New York’s real estate industry is just starting to learn about the bill — and most are skeptical, if not disdainful, of it. Ann Korchak, the director of the Small Property Owners of New York, says “it sounds like another complicated government operation; it’s hard to see how a process like this works.” John Stewart, an associate broker at Marcus & Millichap, says the bill doesn’t seem practical: “Buying a building requires some focus and guidance. It’s not a committee of 20 tenants that’s going to be nimble enough to buy a building and make decisions. It’d be like herding cats.” He’s particularly concerned about the time period that TOPA would give tenants to purchase buildings: “It would make the purchase and sale of buildings grind to a halt, essentially.”
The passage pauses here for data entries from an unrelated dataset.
Lemma ellnu_uniform_continuous_t t0 : 0 <= t0 -> forall eps, 0 < eps -> exists delta, 0 < delta /\
  forall t, 0 <= t -> Rabs (t - t0) < delta -> forall x, Rabs (ellnu x t - ellnu x t0) < eps.
Proof.
  intros ht0 eps Heps.
  destruct (ellnu_upper_bound t0 ht0) as [M HM].
  assert (HM0 : 0 <= M) by (generalize (ellnu_pos 0 t0 ht0) (HM 0); lra).
  set (eta := eps / (2 * M + 3)).
  assert (Heta : 0 < eta) by (apply Rdiv_lt_0_compat; lra).
  destruct (C0_C1_at n1 t0 eta n1_C0_C1 ht0 Heta) as [d1 [Hd1 E1]].
  destruct (C0_C1_at n2 t0 eta n2_C0_C1 ht0 Heta) as [d2 [Hd2 E2]].
  exists (Rmin d1 d2). split; [apply Rmin_pos; auto|].
  intros t ht Htt x.
  destruct (E1 t ht) with (u := x) as [A1 B1]; [eapply Rlt_le_trans; [apply Htt|apply Rmin_l]|].
  destruct (E2 t ht) with (u := x) as [A2 B2]; [eapply Rlt_le_trans; [apply Htt|apply Rmin_r]|].
  eapply Rle_lt_trans; [apply (ellnu_diff_bound x t x t0 M ht ht0 (HM x))|].
  assert (HMeta : M * (Rabs (n1 x t - n1 x t0) + Rabs (n2 x t - n2 x t0)) <= M * (2 * eta)).
  { apply Rmult_le_compat_l; lra. }
  assert (Hsum : (2 * M + 3) * eta = eps) by (unfold eta; field; lra).
  lra.
Qed.

Lemma ellnu_local_lower_bound t0 : 0 <= t0 -> exists m delta, 0 < m /\ 0 < delta /\
  forall t, 0 <= t -> Rabs (t - t0) < delta -> forall x, m <= ellnu x t.
Proof.
  intros ht0. destruct (ellnu_lower_bound t0 ht0) as [m0 [Hm0 Hm]].
  destruct (ellnu_uniform_continuous_t t0 ht0 (m0 / 2)) as [d [Hd E]]; [lra|].
  exists (m0 / 2), d. split; [lra|split; auto].
  intros t ht Htt x. specialize (E t ht Htt x). specialize (Hm x).
  apply Rabs_lt_between in E. lra.
Qed.

Lemma omega_continuous_t x t : 0 < t -> continuous (fun s => omega x s) t.
Proof. intros ht. apply continuous2_t, (smooth_pos_regular omega x t smooth_pos_omega ht). Qed.

Lemma nu_angle_exists u t : 0 <= t -> exists th, sin th = n1 u t /\ - cos th = n2 u t.
Proof. intros ht. apply unit_vector_angle, nu_unit, ht. Qed.

(* For [t > 0] the angle of [nu 0 t] is obtained by integrating its angular speed
   from [t = 1]; its limit at [t = 0] exists because [nu] is continuous there. *)
Definition angle_pos_init := epsilon (inhabits 0) (fun th => sin th = n1 0 1 /\ - cos th = n2 0 1).
Definition angle_pos t := angle_pos_init + RInt (omega 0) 1 t.

Lemma angle_pos_derive t : 0 < t -> is_derive angle_pos t (omega 0 t).
Proof.
  intros ht. unfold angle_pos.
  rewrite <- (Rplus_0_l (omega 0 t)).
  apply (is_derive_plus (fun _ => angle_pos_init) (fun t => RInt (omega 0) 1 t)).
  - apply (is_derive_const (K := R_AbsRing) (V := R_NormedModule)).
  - apply (is_derive_RInt (omega 0) _ 1); [|apply omega_continuous_t, ht].
    apply (filter_imp (fun s => 0 < s)); [|apply locally_gt0, ht].
    intros b hb. apply (RInt_correct (V := R_CompleteNormedModule)).
    apply (ex_RInt_continuous (V := R_CompleteNormedModule)).
    intros z Hz. apply omega_continuous_t. unfold Rmin in Hz; destruct (Rle_dec 1 b); lra.
Qed.

Lemma nu_angle_pos t : 0 < t -> n1 0 t = sin (angle_pos t) /\ n2 0 t = - cos (angle_pos t).
Proof.
  intros ht.
  assert (E : sin angle_pos_init = n1 0 1 /\ - cos angle_pos_init = n2 0 1)
    by (unfold angle_pos_init; apply epsilon_spec, nu_angle_exists; lra).
  apply (angle_lift_propagate (fun s => n1 0 s) (fun s => n2 0 s) angle_pos (omega 0) t 1).
  - intros s Hs. assert (hs : 0 < s) by (unfold Rmin in Hs; destruct (Rle_dec t 1); lra).
    destruct (Dt_nu_decomp 0 s hs) as [D1 D2].
    split; [|split]; [rewrite <- D1|rewrite <- D2|apply angle_pos_derive, hs];
      apply Derive_correct; [apply (smooth_pos_regular n1 0 s)|apply (smooth_pos_regular n2 0 s)]; auto.
  - unfold angle_pos. rewrite RInt_point, Rplus_0_r. lra.
  - unfold angle_pos. rewrite RInt_point, Rplus_0_r. lra.
Qed.

Lemma angle_pos_sin_cos_diff t a0 : 0 < t -> sin a0 = n1 0 0 -> - cos a0 = n2 0 0 ->
  cos (angle_pos t - a0) = n1 0 t * n1 0 0 + n2 0 t * n2 0 0 /\
  sin (angle_pos t - a0) = n2 0 t * n1 0 0 - n1 0 t * n2 0 0.
Proof.
  intros ht Hs Hc. destruct (nu_angle_pos t ht) as [E1 E2].
  rewrite cos_minus, sin_minus, E1, E2, <- Hs, <- Hc. split; ring.
Qed.

Lemma nu0_close eps : 0 < eps -> exists delta, 0 < delta /\ forall t, 0 <= t -> t < delta ->
  Rabs (n1 0 t - n1 0 0) < eps /\ Rabs (n2 0 t - n2 0 0) < eps.
Proof.
  intros He.
  destruct (C0_C1_at n1 0 eps n1_C0_C1 (Rle_refl 0) He) as [d1 [Hd1 E1]].
  destruct (C0_C1_at n2 0 eps n2_C0_C1 (Rle_refl 0) He) as [d2 [Hd2 E2]].
  exists (Rmin d1 d2). split; [apply Rmin_pos; auto|].
  intros t ht Htd. assert (H1 := Rmin_l d1 d2). assert (H2 := Rmin_r d1 d2).
  rewrite <- (Rminus_0_r t) in Htd. rewrite <- (Rabs_right (t - 0)) in Htd by lra.
  split; [apply (E1 t ht)|apply (E2 t ht)]; lra.
Qed.

Lemma angle_pos_limit_0 : exists c, sin c = n1 0 0 /\ - cos c = n2 0 0 /\
  forall eps, 0 < eps -> exists delta, 0 < delta /\
    forall t, 0 < t < delta -> Rabs (angle_pos t - c) < eps.
Proof.
  destruct (nu_angle_exists 0 0 (Rle_refl 0)) as [a0 [Ea1 Ea2]].
  destruct (nu0_close (1 / 4)) as [d1 [Hd1 E1]]; [lra|].
  destruct (continuous_angle_branch angle_pos a0 d1 Hd1) as [k Hk].
  { intros t Ht. apply continuity_pt_filterlim.
    apply (ex_derive_continuous (K := R_AbsRing) (V := R_NormedModule)).
    eexists; apply angle_pos_derive; lra. }
  { intros t Ht. rewrite (proj1 (angle_pos_sin_cos_diff t a0 ltac:(lra) Ea1 Ea2)).
    destruct (E1 t ltac:(lra) ltac:(lra)).
    apply unit_dot_pos_of_close; auto; apply nu_unit; lra. }
  set (c := a0 + 2 * PI * IZR k).
  assert (Hsc : forall z, sin (z + 2 * PI * IZR k) = sin z).
  { apply (periodic_shift_Z sin _ sin_2PI_periodic). }
  assert (Hcc : forall z, cos (z + 2 * PI * IZR k) = cos z).
  { apply (periodic_shift_Z cos _ cos_2PI_periodic). }
  exists c. split; [unfold c; rewrite Hsc; auto|split; [unfold c; rewrite Hcc; auto|]].
  intros eps Heps.
  destruct (small_angle_of_small_sin eps Heps) as [eta [Heta Hsmall]].
  destruct (nu0_close (eta / 2)) as [d2 [Hd2 E2]]; [lra|].
  exists (Rmin d1 d2). split; [apply Rmin_pos; auto|].
  intros t Ht. assert (H1 := Rmin_l d1 d2). assert (H2 := Rmin_r d1 d2).
  apply Hsmall; [apply Hk; lra|].
  replace (angle_pos t - c) with ((angle_pos t - a0) + 2 * PI * IZR (- k))
    by (unfold c; rewrite opp_IZR; ring).
  rewrite (periodic_shift_Z sin _ sin_2PI_periodic).
  rewrite (proj2 (angle_pos_sin_cos_diff t a0 ltac:(lra) Ea1 Ea2)).
  destruct (E2 t ltac:(lra) ltac:(lra)).
  eapply Rle_lt_trans; [apply unit_cross_abs_le; apply n1_abs_le1 || apply n2_abs_le1; lra|].
  lra.
Qed.

Definition angle0_init := epsilon (inhabits 0) (fun c => sin c = n1 0 0 /\ - cos c = n2 0 0 /\
  forall eps, 0 < eps -> exists delta, 0 < delta /\
    forall t, 0 < t < delta -> Rabs (angle_pos t - c) < eps).

Lemma angle0_init_spec : sin angle0_init = n1 0 0 /\ - cos angle0_init = n2 0 0 /\
  forall eps, 0 < eps -> exists delta, 0 < delta /\
    forall t, 0 < t < delta -> Rabs (angle_pos t - angle0_init) < eps.
Proof. unfold angle0_init. apply epsilon_spec, angle_pos_limit_0. Qed.

Definition angle0 t := if Rle_dec t 0 then angle0_init else angle_pos t.

Lemma nu_angle0 t : 0 <= t -> n1 0 t = sin (angle0 t) /\ n2 0 t = - cos (angle0 t).
Proof.
  intros ht. unfold angle0. destruct (Rle_dec t 0).
  - replace t with 0 by lra. destruct angle0_init_spec as [A [B _]]. split; lra.
  - apply nu_angle_pos. lra.
Qed.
Jay Martin, the executive director of the Community Housing Improvement Program, a landlord organization currently involved in a lawsuit to strike down a 2019 rent stabilization law, says he isn’t opposed to TOPA (“Adding new buyers to the market is good for someone selling”), but thinks the bill would be meaningless if it isn’t backed by substantial funding. Like Stewart, he’s leery of the time period they’ll be given — more than six months would be “getting a little ridiculous,” he says. “There’s a strong argument to say the valuation of the building could deteriorate during that time.”
Assuming TOPA makes it into the budget in coming days, it’ll be up to Governor Kathy Hochul to decide how to respond. Advocates familiar with the budget negotiations say she’s open to it, and that’s a good sign. Waterton traveled to Albany last week to testify at a hearing in support of the bill: “I want all tenants who are organizing in their buildings like I did to have the same opportunity to purchase their building and take control,” she told a panel of legislators.
For Straker, the Crown Heights tenant, that would mean finally getting the repairs they need. But she also envisions doing much more: making their building as elegant as the co-op next door: “It looks really good. There’s a nice garden in the front with roses, and nice cobblestones,” she says.
For the Bronx residents who are in the middle of this process, co-op ownership has already made a difference. Recently, Waterton and her neighbors did something they never would’ve been able to do previously: They fired their new property managers for being too slow to make repairs. “I don’t like firing people, but we weren’t happy,” Waterton says. And the experience was empowering: “How many tenants could say they can do that?” She has a new title, too: president of the board. It’s a lot of unpaid work, but “I love doing it,” she says. “I’m making a place that not only I can call home, but that my neighbors can call home too. And this is just the start. One day, we’re going to look back on this and be like, Oh, that didn’t seem so hard.”